Your Guide: Get Comfortable with Change

Change - good, bad or entirely neutral - stirs a deep fear in some people, the kind that's reserved for facing a lion. It's common, because of our wariness of the unknown, and expecting the worst from any given situation.

While it can be hard to change the feelings associated with change, taking the necessary steps to get comfortable with it will decrease negative feelings or feeling anxious. What you can do, is prepare for change and the feelings it might bring.

If you start to feel the butterflies in your stomach or your body starts to clench and tense up, we recommend you come up with reasons why this could be a good change.

Examples of this could be:

If you're accepting a new job: I could make more money than I expected. I could experience new opportunities. I may like this better than my current position. I could learn and grow from this new position.

If you're moving: I could make new friends. I could fall in love with their coffee shops. The new environment will help me try new things. I may like the change of pace and scenery.

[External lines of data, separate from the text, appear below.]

Section LeftmostSurplus.
Variables (T : finType) (e : rel T).
Hypothesis e_sym : symmetric e.
Hypothesis e_irr : irreflexive e.
Hypothesis e_conn : connected_graph e.
Variables (l r : T -> rat).
Hypothesis lr : forall x, (l x <= r x)%R.
Hypothesis e_lr : forall x y, x != y -> e x y = (l x <= r y)%R && (l y <= r x)%R.
Local Notation d := (dist e).
Local Notation dominates_interval := (dominates_interval lr e_lr).
Local Notation edge_interval := (edge_interval lr e_lr).

Variables (Ds Dt : mset T) (s : T).
Hypotheses (Ds_dom : dominating e Ds) (Dt_dom : dominating e Dt).
Hypothesis s_surplus : (Dt s < Ds s)%N.
Hypothesis s_leftmost : forall v, Ds v != Dt v -> (r s <= r v)%R.

Lemma deficit_right v : (Ds v < Dt v)%N -> (r s <= r v)%R.
Proof. by move=> v_def; apply: s_leftmost; rewrite neq_ltn v_def. Qed.

Lemma surplus_right v : (Dt v < Ds v)%N -> (r s <= r v)%R.
Proof. by move=> v_sur; apply: s_leftmost; rewrite neq_ltn v_sur orbT. Qed.

Lemma deficit_dominator x : Dt s = 0%N -> (r x <= r s)%R ->
  (forall u, u != s -> (0 < Ds u)%N -> ~~ dominates e u x) ->
  exists w, [/\ w != s, (Ds w < Dt w)%N, (0 < Dt w)%N, e s w & dominates e w x].
Proof.
move=> Dts xs x_priv; have [w Dtw wx] := (dominatingP e Dt).1 Dt_dom x.
have ws : w != s by apply: contraTneq Dtw => ->; rewrite Dts.
have w_def : (Ds w < Dt w)%N.
  by rewrite ltnNge; apply: contraL wx => Dsw; apply: x_priv => //; apply: leq_trans Dsw.
exists w; split=> //; have := straddle_dominates lr e_lr wx xs (deficit_right w_def).
by rewrite /dominates eq_sym (negbTE ws).
Qed.

(* Lexicographic in (d s t, r t), encoded as a natural number via [rank]. *)
Definition potential t := (d s t * #|T| + rank r t)%N.

Definition matched_away M t := [/\ tight_matching e Ds Dt M, t != s & (0 < M s t)%N].

Section MinimalPair.
Variables (M : T -> T -> nat) (t : T).
Hypothesis Mt : matched_away M t.
Hypothesis Mt_min : forall M' t', matched_away M' t' -> (potential t <= potential t')%N.

Lemma t_deficit : (Ds t < Dt t)%N.
Proof. by case: Mt => M_tight ts Mst; case: (tight_off_diag M_tight Mst); rewrite // eq_sym. Qed.

(* [s] cannot be re-matched to a closer deficit vertex [w]: either [w] is
   already a partner of [s], or swapping partners with the [Ds]-copy matched
   to [w] keeps the matching tight. *)
Lemma no_better_partner w : w != s -> w != t -> (Ds w < Dt w)%N -> e s w ->
  (r w <= r t)%R \/ (d w t < d s t)%N -> (potential w < potential t)%N -> False.
Proof.
case: Mt => M_tight ts Mst ws wt w_def sw w_cost w_pot.
have better M' : matched_away M' w -> False.
  by move/Mt_min; rewrite leqNgt w_pot.
have [z [zw Mzw]] : exists z, z != w /\ (0 < M z w)%N.
  by apply: (matching_in M_tight.1.1); rewrite M_tight.2 minnE; lia.
have z_sur := (tight_off_diag M_tight Mzw zw).1.
case: (eqVneq z s) => [zs|zs]; first by subst z; apply: (better M); split.
have zt : z != t by apply: contraTneq z_sur => ->; rewrite -leqNgt ltnW // t_deficit.
have st_zw : (s, t) != (z, w) by rewrite xpair_eqE negb_and eq_sym zs.
have st : s != t by rewrite eq_sym.
have sw' : s != w by rewrite eq_sym.
apply: (better (exchange M s t z w)); split=> //.
  apply: tight_exchange => //.
  rewrite addnC; apply: leq_trans (exchange_cost_bound e_sym e_conn lr e_lr st zw _ w_cost).
    by rewrite leq_add2l; apply: dist_edge.
  exact: surplus_right.
have := exchangeE Mst Mzw st_zw s w.
by rewrite !xpair_eqE !eqxx (negbTE wt) eq_sym (negbTE zs) /= !addn0 addn1 => ->.
Qed.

The possibilities could be endless!

It's important to not let your fear and doubt overshadow the positive change. Sometimes, putting these ideas on paper can make the change feel more real... or at least as real as your worries.

This is when it's important to create a second list and write down all the good things that have come from changes in the past.

This list could range from moving to a new neighbourhood, switching jobs, travelling alone, etc.

Think of all the good that has come from changes that you’ve dreaded in the past. How couldn't some good come out of this change?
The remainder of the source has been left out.